Year Inducted: 1992 (BBWAA, ballot #1, 425/430)
The Mets managed to beat the odds in 1969 and win the World Series. They were dubbed the Miracle Mets because merely 7 years prior, they had lost 120 games and were the joke of baseball. But their fortunes changed forever three years prior to that. In 1966 the Braves scouted, drafted and signed a young right-handed pitcher from USC. There was only one problem; due to a technicality, the young pitcher’s contract was voided. The Mets were one of three teams along with the Phillies and Indians to be placed into a lottery for the young man’s services. The Mets won the 2 to 1 shot, and rode Tom Seaver to glory.
Year Inducted: 1999 (BBWAA, ballot #1, 491/497)
Longevity, as stat inflating as it may be, is a very undervalued skill, both when it comes to the Hall of Fame and baseball in general. It’s impossible for a player to be able to do anything if he isn’t on the field. That’s the primary thing keeping players like Jim Edmonds, Larry Walker and Bobby Grich out of the Hall of Fame-injuries limited how often they could play for a good part of their careers. The baseball season is also a giant grind, and being able to answer the bell when it’s his turn adds value to a player. Longevity can come at a price, as the longer a player plays the more likely he is to be an average or below average player, but only the truly best can last out a season for 20 or more years. Having said all that, who showed more longevity than Nolan Ryan?
Year Inducted: 1990 (BBWAA, ballot #1, 411/444)
The 1950’s saw a few teams relocate to new cities. The Brooklyn Dodgers and New York Giants moved out west to capitalize on the new markets in Los Angeles and San Francisco, respectfully. The St. Louis Browns, a perpetually losing franchise stuck in a city that had a successful franchise already, moved out east to Baltimore and became the the Orioles. The O’s began building upon a solid core (including having both Brooks and Frank Robinson) in the 1960’s to become one of the top teams in the late 1960’s and early 1970’s American League. But, it wasn’t until one man began pitching that the O’s saw some dominance. That man was, of course, Jim Palmer.
Year Inducted: 2011 (BBWAA, ballot #14, 463/581)
There are some pitchers that become synonymous with a particular pitch. Classic examples include: Phil Niekro and his knuckleball, Mariano Rivera and his cutter, Bruce Sutter and his split finger, Pedro Martinez and his changeup and Nolan Ryan and his fastball. All of these pitchers, of course, are either in Cooperstown already or going to be in very soon. The curveball, according to lore, was first developed by Candy Cummings, and while many have thrown it very few have become linked to the pitch. The man who is most linked to the curveball is Holland’s own Bert Blyleven.

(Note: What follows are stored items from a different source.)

Theorem lemma9 (R : realType) :
  (* beta = 1 *)
  (forall (delta : R) (T : nat) (G : probability R R) (c0 C0 : R),
     0 < delta -> delta < 1 -> (0 < T)%N -> beta_regular G 1 c0 C0 ->
     (lemma9_lhs G delta T <= (C0 * (5 + ln (1 / delta)))%:E)%E) /\
  (* beta > 1 *)
  (forall beta : R, 1 < beta ->
     exists Cb : R,
     forall (delta : R) (T : nat) (G : probability R R) (c0 C0 : R),
       0 < delta -> (0 < T)%N -> beta_regular G beta c0 C0 ->
       (lemma9_lhs G delta T <= (C0 * Cb)%:E)%E) /\
  (* beta < 1 *)
  (forall beta : R, beta < 1 ->
     exists Cb : R,
     forall (delta : R) (T : nat) (G : probability R R) (c0 C0 : R),
       0 < delta -> (0 < T)%N -> beta_regular G beta c0 C0 ->
       (lemma9_lhs G delta T <=
          ((C0 * (Cb * (Order.min (Num.sqrt T%:R) (1 / delta)) `^ (1 - beta)))%R)%:E)%E).
Proof.
split.
  move=> delta T G c0 C0 delta_gt0 delta_lt1 _.
  exact: lemma9_beta_eq1.
split; last exact: lemma9_beta_lt1.
move=> beta /lemma9_beta_gt1 [Cb lhs_le]; exists Cb.
by move=> delta T G c0 C0 delta_gt0 _; exact: lhs_le.
Qed.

Year Inducted: 1991 (BBWAA, ballot #3, 334/443)
There are some players that have heart breaking stories; stories that make people cry and stories that movies should be made out of. Today’s pitcher lost his mother when she was 52, was divorced once, lost his second wife to an automobile accident, then lost his fiance to suicide while she also killed their 3-year old daughter. Through it all, instead of going clinically insane he dominated the game and became an ambassador for several charities and the first Canadian in the Baseball Hall of Fame. That man was Ferguson Jenkins.

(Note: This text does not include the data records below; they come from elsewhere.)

Lemma short_cycle_through_X c k : 1 < k < n + m ->
  exists s, [/\ alt_cycle adj col s, size s = 2 * k & X c \in s].
Proof.
case/andP=> k1 km; have [sg [osg hsg hsg2]] := h_drop.
have [p [q [u [v [/andP[p0 pn] /andP[q0 qm] pq ec]]]]] :=
  split_length (alt_param_gt1 pX) (alt_param_gt1 pY) k1 km.
set g := gcdn n m in ec.
have cpg : c + p <= g * (c + p).
  by rewrite leq_pmull // gcdn_gt0; have := alt_param_gt1 pX; lia.
pose b := sg + 2 * g * (c + p) - (c + p.-1).
have eb : c + p.-1 + b = sg + 2 * g * (c + p) by lia.
have eb2 : c + (b + q.-1) + 2 * g * u = sg + 2 + 2 * g * (c + p + v) by lia.
exists (mkseq (two_seg c b p) (p + q)); split.
- apply: two_seg_alt_cycle; rewrite ?p0 ?q0 //.
  + by rewrite eb; lia.
  + by rewrite col_XY_h ?eb ?h_periodic_gcd ?hsg //; lia.
  + lia.
  + rewrite col_XY_h; last lia.
    by rewrite -(h_periodic_gcd u) ?eb2 ?h_periodic_gcd ?(negbTE hsg2) //; lia.
- by rewrite size_mkseq pq.
- have -> : X c = two_seg c b p 0 by rewrite /two_seg p0 addn0.
  by apply: map_f; rewrite mem_iota; lia.
Qed.

Lemma h_shift b s : ~~ odd b -> odd s ->
  exists d, [/\ odd d, d < 2 * m & forall e, ~~ odd e -> h (b + d + e) = h (s + e)].
Proof.
move=> eb os; have m0 : 0 < m by have := alt_param_gt1 pY; lia.
have bZ : b <= m * b by rewrite leq_pmull.
have [Z eZ] : exists Z, b + Z = s + 2 * m * b by exists (s + 2 * m * b - b); lia.
exists (Z %% (2 * m)).
have := divn_eq Z (2 * m); have : Z %% (2 * m) < 2 * m by rewrite ltn_pmod; lia.
move: (Z %/ (2 * m)) (Z %% (2 * m)) => K d d_lt eK; split=> //; first lia.
move=> e oe; rewrite -(odd_periodicM h_periodicY K); last lia.
rewrite (_ : _ + _ = s + e + 2 * m * b); last lia.
by rewrite odd_periodicM //; [apply: h_periodicY | lia].
Qed.

Lemma ham_cycle_through_X c :
  exists s, [/\ alt_cycle adj col s, size s = 2 * (n + m) & X c \in s].
Proof.
have [sg [osg hsg hsg2]] := h_drop; have [tau [otau htau htau2]] := h_rise.
have n1 := alt_param_gt1 pX; have m1 := alt_param_gt1 pY.
have etau : ~~ odd tau.+1 by rewrite oddS otau.
have [d [d_odd d_lt hd]] := h_shift etau osg.
have hd0 : h (tau.+1 + d) by have := hd 0 isT; rewrite !addn0 => ->.
have hd2 : h (tau.+1 + d + 2) = false by rewrite hd // (negbTE hsg2).
have htau_m : h (tau + 2 * m) = false by rewrite h_periodicY // (negbTE htau).
have d_max : d != (2 * m).-1.
  by apply: contraTneq hd0 => ->; rewrite (_ : _ + _ = tau + 2 * m) ?htau_m //; lia.
exists (mkseq (ham_seg tau.+1 d.+1) (2 * n + 2 * m)); split.
- apply: ham_seg_alt_cycle => //.
  + by rewrite oddS d_odd.
  + apply/andP; split; lia.
  + rewrite col_XY_h; last lia.
    by rewrite (_ : 1 + tau.+1 = tau + 2) ?htau2 //; lia.
  + rewrite col_XY_h; last lia.
    by rewrite (_ : 2 + (tau.+1 + d.+1.-1) = tau.+1 + d + 2) ?hd2 //; lia.
  + rewrite col_XY_h; last lia.
    rewrite (_ : (2 * n).-1 + (tau.+1 + d.+1) = tau.+1 + d + 2 * n); last lia.
    by rewrite h_periodicX hd0; lia.
  + rewrite col_XY_h; last lia.
    by rewrite (_ : 0 + (tau.+1 + (2 * m).-1) = tau + 2 * m) ?htau_m //; lia.
- by rewrite size_mkseq; lia.
- rewrite -(alt_param_mod pX c); set c' := c %% (2 * n).
  have c'_lt : c' < 2 * n by rewrite ltn_pmod; lia.
  have [c'2|c'2] := ltnP c' 2.
    have -> : X c' = ham_seg tau.+1 d.+1 c' by rewrite /ham_seg c'2.
    by apply: map_f; rewrite mem_iota; lia.
  have -> : X c' = ham_seg tau.+1 d.+1 (c' + d.+1).
    have [lt1 lt2 lt3] : [/\ (c' + d.+1 < 2) = false, (c' + d.+1 < 2 + d.+1) = false
                         & c' + d.+1 < 2 * n + d.+1] by split; lia.
    by rewrite /ham_seg lt1 lt2 lt3 addnK.
  by apply: map_f; rewrite mem_iota; lia.
Qed.

Lemma cycle_through_X c k : 1 < k <= n + m ->
  exists s, [/\ alt_cycle adj col s, size s = 2 * k & X c \in s].
Proof.
case/andP=> k1; rewrite leq_eqVlt => /orP[/eqP ->|km].
  exact: ham_cycle_through_X.
by apply: short_cycle_through_X; rewrite k1.
Qed.

End TwoCycles.

Section Assembly.
Variables (n m : nat) (X Y : nat -> V).
Hypotheses (pX : alt_param n X) (pY : alt_param m Y).
Hypothesis XY_neq : forall i j, X i != Y j.
Hypothesis XY_adj : forall i j, adj (X i) (Y j).

Lemma cycles_through_both :
  sum_invariant (fun i j => col (X i) (Y j)) ->
  skew_nonconst (fun i j => col (X i) (Y j)) true ->
  forall c k, 1 < k <= n + m ->
  (exists s, [/\ alt_cycle adj col s, size s = 2 * k & X c \in s]) /\
  (exists s, [/\ alt_cycle adj col s, size s = 2 * k & Y c \in s]).
Proof.
move=> inv nc c k kb; split; first exact: (cycle_through_X pX pY).
have YX_neq i j : Y i != X j by rewrite eq_sym.
have YX_adj i j : adj (Y i) (X j) by rewrite adjC.
apply: (cycle_through_X pY pX YX_neq YX_adj); rewrite 1?addnC //.
- by apply: (sum_invariant_swap _ inv) => i j; rewrite colC.
- by apply: (skew_nonconst_swap _ nc) => i j; rewrite colC.
Qed.

Lemma skew_invariants_of_no_good_pair C1 C2 :
  (forall i, X i \in C1) -> (forall j, Y j \in C2) ->
  (forall i, next C1 (X i) = X i.+1 /\ prev C1 (X i) = X (i + (2 * n).-1)) ->
  (forall j, next C2 (Y j) = Y j.+1 /\ prev C2 (Y j) = Y (j + (2 * m).-1)) ->
  ~ has_good_pair col C1 C2 ->
  sum_invariant (fun i j => col (X i) (Y j)) /\
  diff_invariant (fun i j => col (X i) (Y j)).
Proof.
move=> XC YC Xnb Ynb ngp.
have n0 : 0 < n by have := alt_param_gt1 pX; lia.
have m0 : 0 < m by have := alt_param_gt1 pY; lia.
apply: (@diagonal_invariants _ n m) => // [i j t u|i j fij|i j fij].
- by rewrite (alt_param_periodicM pX) (alt_param_periodicM pY).
- apply/negP => fr; apply: ngp; exists (X i), (Y j); split=> //.
  by rewrite fij (cnbr_alt_param pX) // (cnbr_alt_param pY).
- apply/negPn/negP => fb; apply: ngp; exists (X i), (Y j); split=> //.
  by rewrite (negbTE fij) (cnbr_alt_param pX) // (cnbr_alt_param pY) // (negbTE fb).
Qed.

Lemma orient_second_cycle :
  sum_invariant (fun i j => col (X i) (Y j)) ->
  diff_invariant (fun i j => col (X i) (Y j)) ->
  (exists i j j', col (X i) (Y j) != col (X i) (Y j')) ->
  (exists j i i', col (Y j) (X i) != col (Y j) (X i')) ->
  exists rho, [/\ alt_param m (fun j => Y (rho j)),
    forall j, exists j', Y (rho j') = Y j,
    sum_invariant (fun i j => col (X i) (Y (rho j))) &
    skew_nonconst (fun i j => col (X i) (Y (rho j))) true].
Proof.
move=> sum_inv diff_inv [i [j [j' nsX]]] [j0 [i0 [i0' nsY]]].
have m0 : 0 < m by have := alt_param_gt1 pY; lia.
have colP i1 j1 u : col (X i1) (Y (j1 + 2 * m * u)) = col (X i1) (Y j1).
  by rewrite (alt_param_periodicM pY).
case: (classic (skew_nonconst (fun i j => col (X i) (Y j)) true)) => [nc|nc_odd].
  by exists id; split=> // j1; exists j1.
case: (classic (skew_nonconst (fun i j => col (X i) (Y j)) false)) => [nc|nc_even].
  exists (rev_idx m); split.
  - exact: alt_param_rev.
  - by move=> j1; exists (rev_idx m j1); rewrite rev_idxK // (alt_param_periodicM pY).
  - exact: (@sum_invariant_rev m (fun i j => col (X i) (Y j)) m0 colP diff_inv).
  - exact: (@skew_nonconst_rev m (fun i j => col (X i) (Y j)) m0 colP nc).
case: (skew_const_or_singular nc_odd nc_even) => sing.
- by move: nsX; rewrite (sing i j j') eqxx.
- by move: nsY; rewrite !(colC (Y j0)) (sing i0 i0' j0) eqxx.
Qed.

Year Inducted: 1994 (BBWAA, ballot #1, 436/456)
Money has long been the driving force of baseball. Before the banning of the Reserve Clause in 1975, players were on the short end of the stick. No matter how much a player liked or hated playing in a certain city, the rights to his contract belonged to the team even after its expiration. There was little guaranteed money tied up in contracts, so if a player was released he most likely got nothing. Lots of players, some stars some role players, would hold out at contract time to force the team’s hand. Most famously, players like Sandy Koufax and Don Drysdale once waited out most of Spring Training to get a raise from the Dodgers. Some owners were so cheap that if a contract dispute came up, no matter how great the player was, they would ship them off in a trade to lessen payroll. That is why, instead of twenty years of a dream rotation with him and Bob Gibson in St. Louis, Steve Carlton moved on to Philadelphia and cemented his Hall of Fame legacy there.
Year Inducted: 1991 (BBWAA, ballot #3, 342/443)
The spitball has been an officially banned pitch in the Major Leagues since Burleigh Grimes’ retirement in 1934. However, players are always pushing their boundaries and trying to gain whatever edge they are able to-legal or otherwise. There was a point of time in the 1960’s that umpires, executives and even the Commissioner himself wanted to lift the ban on the spitball due to its difficulty to police. By some accounts 50 or even more pitchers were accused at one point or another of doctoring the baseball in the 1960’s. But, none of them were as good as Gaylord Perry.